The ECB raised its key interest rate to a record high of 4% on Thursday but, with the euro zone economy in the doldrums, signalled that its 10th straight hike was likely to be its last. That prompted traders to ramp up speculation on when it will begin lowering borrowing costs.

ECB President Christine Lagarde said the prospect of a future rate cut had not even been mentioned by policymakers during their deliberations this week.

“We have not decided, discussed or even pronounced cuts,” Lagarde told a press conference on Friday. “We will be data-dependent and as I said, level and length of time will matter significantly.”

Lagarde said rates will be kept high for “long enough” to get inflation back to the ECB’s 2% target and there is no calendar attached to this process as decisions will be made meeting-by-meeting, depending on incoming data.

ECB Vice President Luis de Guindos said market expectations are just bets, which could easily turn out to be wrong, as policymakers will focus on data.

“Markets can also be wrong; they are based on a series of hypotheses that sometimes do not come true, that we will start to lower rates in June ’24,” de Guindos told Spanish radio station Cadena Cope.

“It is a bet, it may be right and it may not be right,” De Guindos added.

Latvia’s central bank governor meanwhile dismissed the notion, popularised by market pundits, that Thursday’s move was a “dovish hike” and said policy could still be tightened again if needed.

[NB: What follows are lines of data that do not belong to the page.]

(* Let $A=\bigoplus_{j\ge0}A_j$ be a positively graded ring (a positively graded monoid in the category of abelian groups) such that $A_0$ is a semisimple ring. Then $A$ is pre-Koszul.
   Context: $\mathbf{grA\text{-}Mod}$ is the category of graded left $A$-modules with degree-preserving homomorphisms. $A_0$ is regarded as a graded $A$-module concentrated in degree $0$ (via $A\to A/A_{>0}\cong A_0$), and $(M\langle n\rangle)_i=M_{i-n}$. A graded $A$-module $M$ is generated by its degree $i$ component over $A_0$ if the action map $A\otimes_{A_0}M_i\to M$ is surjective. $A$ is pre-Koszul if $A_0$ is injective as a module over itself, each $A_i$ is projective as an $A_0$-module, and for every $i$ and every graded $A$-module $M$ with $M_j=0$ for $j<i$, if $\mathrm{Hom}_{\mathbf{grA\text{-}Mod}}(M,A_0\langle n\rangle)=0$ for all $n\ne i$, then $M$ is generated by its degree $i$ component over $A_0$. *)

From HB Require Import structures.
From mathcomp Require Import all_boot all_order all_algebra.
Set Implicit Arguments. Unset Strict Implicit. Unset Printing Implicit Defensive.
Import Order.TTheory GRing.Theory Num.Theory.
Local Open Scope ring_scope.

(* A positively graded ring is presented internally: a ring A together with
   additive subgroups G i (= A_i, i : nat) such that A = (+)_i A_i. *)

Definition addsub (V : zmodType) (P : pred V) : Prop :=
  0 \in P /\ (forall x y, x \in P -> y \in P -> x - y \in P).

Section Graded.
Variables (A : pzRingType) (G : nat -> pred A).
Lemma hsum_kpow_exp T : hsum_kpow (T ^ k) = hsum T.
Proof.
rewrite /hsum (big_nat_widen _ _ (T ^ k)) ?leq_self_expn //.
by apply: eq_bigl => t; rewrite ltn_exp2r.
Qed.

Lemma hsum_le2 T : hsum T <= 2.
Proof.
apply: le_trans (sum_inv_sqr_le2 R T); rewrite /hsum big_mkcond /=.
apply: ler_sum_nat => t _; case: ifP => _; first exact: hterm_le_inv_sqr.
by rewrite invr_ge0 exprn_ge0 ?ler0n.
Qed.

Lemma hsum_kpow_homo : nondecreasing_seq hsum_kpow.
Proof.
move=> M M' le_MM'; apply: ler_sum_nat_cond => // [t _ /andP[-> lt_tM]|t].
  exact: leq_trans lt_tM le_MM'.
exact: hterm_ge0.
Qed.

Lemma hsum_homo : nondecreasing_seq hsum.
Proof. by move=> T T' le_TT'; apply: ler_sum_nat_cond => // t; apply: hterm_ge0. Qed.

Lemma hsum_kpow_le2 M : hsum_kpow M <= 2.
Proof.
apply: le_trans (hsum_le2 M); rewrite -hsum_kpow_exp.
exact/hsum_kpow_homo/leq_self_expn.
Qed.

Lemma hsum_kpow_cvg : cvgn hsum_kpow.
Proof.
apply: cvgP (nondecreasing_cvgn hsum_kpow_homo _).
by exists 2 => _ [M _ <-]; apply: hsum_kpow_le2.
Qed.

Lemma hsum_cvg : cvgn hsum.
Proof.
apply: cvgP (nondecreasing_cvgn hsum_homo _).
by exists 2 => _ [T _ <-]; apply: hsum_le2.
Qed.

Lemma lim_hsum_kpow : limn hsum_kpow = limn hsum.
Proof.
apply/eqP; rewrite eq_le; apply/andP; split.
  apply: ler_lim; [exact: hsum_kpow_cvg | exact: hsum_cvg |].
  apply: nearW => M; rewrite -hsum_kpow_exp.
  exact/hsum_kpow_homo/leq_self_expn.
apply: limr_le; first exact: hsum_cvg.
apply: nearW => T; rewrite -hsum_kpow_exp.
exact: nondecreasing_cvgn_le hsum_kpow_homo hsum_kpow_cvg _.
Qed.

End OuterSum.

End Zk.

Theorem lemma2p3 (R : realType) (k c : nat) (hk : (2 <= k)%N) (hc : (0 < c)%N) :
  z_k R k c =
  xi_k R k *
  limn (fun T : nat => (\sum_(1 <= t < T)
     (if (c%:R `^ (k%:R)^-1 <= (t%:R : R)) then
        (if squarefree t then 1 else 0) / (t%:R) ^+ (2 * k)
        * prod_pdiv t (fun p => (1 - 2 / (p%:R ^+ k))^-1)
      else 0) : R)).
Proof.
have k_gt0 : (0 < k)%N by apply: leq_trans hk.
rewrite (_ : (fun T : nat => _) = hsum R k c); last first.
  apply: funext => T; rewrite /hsum [RHS]big_mkcond.
  by apply: eq_bigr => t _; rewrite powR_invn_le_nat.
rewrite -lim_hsum_kpow // /z_k.
rewrite (_ : (fun M : nat => _) = fun M => xi_k R k * hsum_kpow R k c M); last first.
  apply: funext => M; rewrite -sum_zvalue // big_distrr /=.
  apply: eq_big_nat => r /andP[c_le_r _].
  exact: zterm_series_lim (leq_trans hc c_le_r).
apply: cvg_lim; first exact: Rhausdorff.
by apply: cvgMl_tmp; exact: hsum_kpow_cvg.
Qed.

“I’m comfortable with the current level of rates and I think we’re on track to reach 2% in the second half of 2025,” Martins Kazaks told Reuters on the sidelines of a meeting of European Union financial policymakers in Santiago de Compostela, Spain.

“But if the data tells us that we need another hike, we’ll do it.”

Restrictive territory

The ECB said on Thursday it considers interest rates “have reached levels that, maintained for a sufficiently long duration” would help bring inflation back to target.

Lithuanian policymaker Gediminas Simkus said he hoped the ECB was done raising rates.

“I want to hope this is the last dose of medicine – the (last) raise of 25 basis points.”

German finance minister Christian Lindner said the ECB’s decision to raise rates was “understandable” and that it was his government’s job to support the central bank by pursuing a “a moderately restrictive fiscal policy”.

Money markets are now pricing in a slight chance of a rate cut by the ECB as early as April and fully expect a 25-basis-point reduction by July.

“Markets have to take a position but (an April rate cut) is inconsistent with our macro scenario,” Kazaks said. “We’ve clearly said we’ll stay in restrictive territory for as long as necessary to get inflation to 2%.”

Before rates can be cut, the ECB will have to make a decision on hoovering up some of the cash it pumped into the banking system over a decade in which inflation was too low, through a number of bond-buying programmes.

“There is excess liquidity that has to be removed and we’ll have to discuss it,” Kazaks added said. “It has to happen before rates are cut.”